Of this opposition between what might seem duty on the one hand, and interest coupled with power on the other, the causes, as well as the existence, have been shown already in another work: and to everything that, in the course of the present pages, will be seen indicated in relation to established practice, these observations, short as they are, may afford a clue.
Thus, and thus alone, may be accounted for,—accounted for in crowds,—phenomena which otherwise would have been plainly unaccountable.
When thistles only are sown, grapes ought not to be expected.

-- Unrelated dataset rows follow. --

Lemma block_deviation_le a c (u0 r0 : R) th (k J : nat) x :
  0 < a -> a <= 1 -> 0 < c -> 1 <= u0 -> theta_min a c u0 r0 < th ->
  k = block_count (block_const a c u0 r0) th -> x = th * k%:R `^ 3^-1 ->
  J = Num.truncn (x / u0) ->
  k%:R * expR (- (c * (J%:R * u0) `^ a)) +
    expR (- (chernoff_rate a c (J%:R * u0) * x) +
          chernoff_rate a c (J%:R * u0) * level_mgf_const a c u0 * k%:R)
  <= expR (- (rate_const a c u0 r0 * th `^ (3 * a / 2))).
Proof.
move=> a0 a1 c0 u1 th_gt defk defx defJ.
set A := block_const a c u0 r0; set K := level_mgf_const a c u0.
have u0_ge0 : 0 <= u0 by lra.
have [A1 _ A_le th_le] := theta_min_block_bounds a0 c0 u1 th_gt.
rewrite -/A -defk -defx in A1 A_le th_le.
have X0_le : (32 / (a * c)) `^ (2 / a) <= x.
  by move: th_gt; rewrite /theta_min -/A; lra.
have x_ge : u0 <= x by move: th_gt; rewrite /theta_min -/A; have := powR_ge0 (32 / (a * c)) (2 / a); lra.
have [_ _ KA] := block_const_bounds a r0 (ltW c0) u0_ge0.
have K_ge := level_mgf_const_ge a (ltW c0) u0_ge0.
rewrite -/A -/K in KA K_ge.
have [J0 Ju_le x_le] := truncn_div_bounds (lt_le_trans ltr01 u1) x_ge.
rewrite -defJ in J0 Ju_le x_le.
have Ak_le : A * k%:R <= x.
  by rewrite defx defk; exact: mul_block_count_le (lt_le_trans ltr01 A1) A_le.
have k1 : 1 <= k%:R :> R.
  by rewrite ler1n defk; exact: block_count_gt0 (lt_le_trans ltr01 A1) A_le.
apply: le_trans (deviation_terms_le a0 a1 c0 u1 (_ : 0 <= K) J0 Ju_le x_le _) _.
- lra.
- by apply: le_trans _ Ak_le; apply: ler_wpM2r => //; lra.
have A2 : 2 <= A by lra.
apply: le_trans (mul_expR_absorb a0 c0 _ X0_le _) _; [lra | nra |].
rewrite ler_expR lerN2 /rate_const.
set D := (2 * A `^ 2^-1) `^ a.
have D0 : 0 < D by rewrite powR_gt0 ?mulr_gt0 ?powR_gt0 //; lra.
have th_pow : th `^ (3 * a / 2) <= D * x `^ a.
  apply: powR_three_halves_le => //; try lra.
    by rewrite mulr_gt0 ?powR_gt0 //; lra.
  apply: le_trans (pow_le_mul_block_count A1 A_le) _.
  by rewrite -defk ler_wpM2l ?mulr_ge0 ?powR_ge0.
apply: le_trans (_ : c / (16 * D) * (D * x `^ a) <= _).
  by apply: ler_wpM2l => //; rewrite divr_ge0 //; lra.
by rewrite le_eqVlt; apply/orP; left; apply/eqP; field; exact: lt0r_neq0.
Qed.

End Constants.

Theorem proposition2p3 (R : realType) (c alpha theta0 r0 : R) :
  0 < alpha <= 1 -> 0 < c -> 0 <= theta0 ->
  exists theta0' : R, exists c' : R, 0 < c' /\
  forall (d : measure_display) (T : measurableType d) (P : probability T R)
    (Y : nat -> nat -> nat -> {RV P >-> R}) (Yr : nat -> {RV P >-> R}),
    (* independence of {Y^(k)_{r,i} : i in 1..k} for each 1 <= k <= r *)
    (forall r k : nat, (0 < k <= r)%N ->
       mutually_independent P (fun i : 'I_k => (Y r k i : T -> R))) ->
    (* uniform stretched-exponential tail bound *)
    (forall (r k i : nat) (theta : R), (0 < k <= r)%N -> (i < k)%N ->
       r0 < r%:R / k%:R -> theta0 < theta ->
       (P [set w | (Y r k i w > theta * (r%:R / k%:R) `^ (3^-1))%R]
         <= (expR (- (c * theta `^ alpha)))%:E)%E) ->
    (* domination of Y_r by the sums *)
    (forall (r k : nat), (0 < k <= r)%N -> r0 < r%:R / k%:R ->
       forall w, Yr r w <= \sum_(i < k) Y r k i w) ->
    forall (r : nat) (theta : R), r0 < r%:R ->
      theta0' < theta -> theta < r%:R `^ (2 / 3) ->
      (P [set w | (Yr r w > theta * r%:R `^ (3^-1))%R]
        <= (expR (- (c' * theta `^ (3 * alpha / 2))))%:E)%E.
Proof.
move=> /andP[a0 a1] c0 theta0_ge0; set u0 := theta0 + 1.
have u1 : 1 <= u0 by rewrite /u0; lra.
exists (theta_min alpha c u0 r0), (rate_const alpha c u0 r0); split.
  by apply: rate_const_gt0; lra.
move=> d T P Y Yr indep tail dom r th _ th_gt th_lt.
have [A1 r0_lt A_le th_le] := theta_min_block_bounds a0 c0 u1 th_gt.
have [k_adm r0_lt_rk] := block_count_admissible A1 r0_lt A_le th_lt.
set k := block_count _ th in k_adm r0_lt_rk th_le.
set x := th * k%:R `^ 3^-1 in th_le.
have [k0 k_le] := andP k_adm.
have u0_le : u0 <= x.
  by move: th_gt; rewrite /theta_min; have := powR_ge0 (32 / (alpha * c)) (2 / alpha); lra.
have [J0 _ _] := truncn_div_bounds (lt_le_trans ltr01 u1) u0_le.
apply: le_trans (prob_sum_gt_le (s := (r%:R / k%:R) `^ 3^-1) (x := x) a0 a1 c0 u1 _ J0
  (indep r k k_adm) _ (measurable_RV_gt (Yr r) _) _) _.
- by apply/powR_gt0/divr_gt0; rewrite ltr0n //; exact: leq_trans k0 k_le.
- move=> i t t_ge; apply: tail => //; rewrite /u0 in t_ge; lra.
- move=> w /= Yr_gt; rewrite mul_powR_block //.
  exact: lt_le_trans Yr_gt (dom r k k_adm r0_lt_rk w).
- by rewrite lee_fin; exact: block_deviation_le.
Qed.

As in every other part of the field, so in this:—of that rule of action, on the state of which, everything that is valuable to man is in so high a degree dependent, very different is the representation that would assuredly have been most agreeable to the feelings of the generality of those who live under it, and of none in a higher degree than of him, on whom the task of giving the picture, which is here given of it, has devolved. Unfortunately, by certificates of health, neither in the body natural, nor yet in the body politic, are disorders to be cured.
By means of the relation, the all-regulating relation, constantly and comprehensively kept in view; viz. the relation of means to end, the aim has all along been to give to the branch of legislation here in question the form of an art, and in respect of comprehensiveness as well as precision, the form (but if possible without the repulsiveness) of a science.
[* ]Examples of cases, in which facts, that to a first view might not seem of a nature to come under legal cognizance, have been taken, or may at any time be taken, for the subjects of legally delivered evidence: 1. On the occasion of a dispute concerning the value of things, or of the services of persons employed in the character of instruments, facts belonging to any branch of art, or even of science.
[* ]For the instruction, of the non-lawyer, including the law-student, if any such there be, who being engaged in the study of law as it is, has nerves to endure a sight, or so much as a prospect, so unwelcome as that of law as it ought to be—in other words, who, his prosperity depending upon the depravity of the system, can endure the contemplation of anything tending to a cure, I would venture to recommend the perusal paripassu of Peake’s compendium of the law of evidence.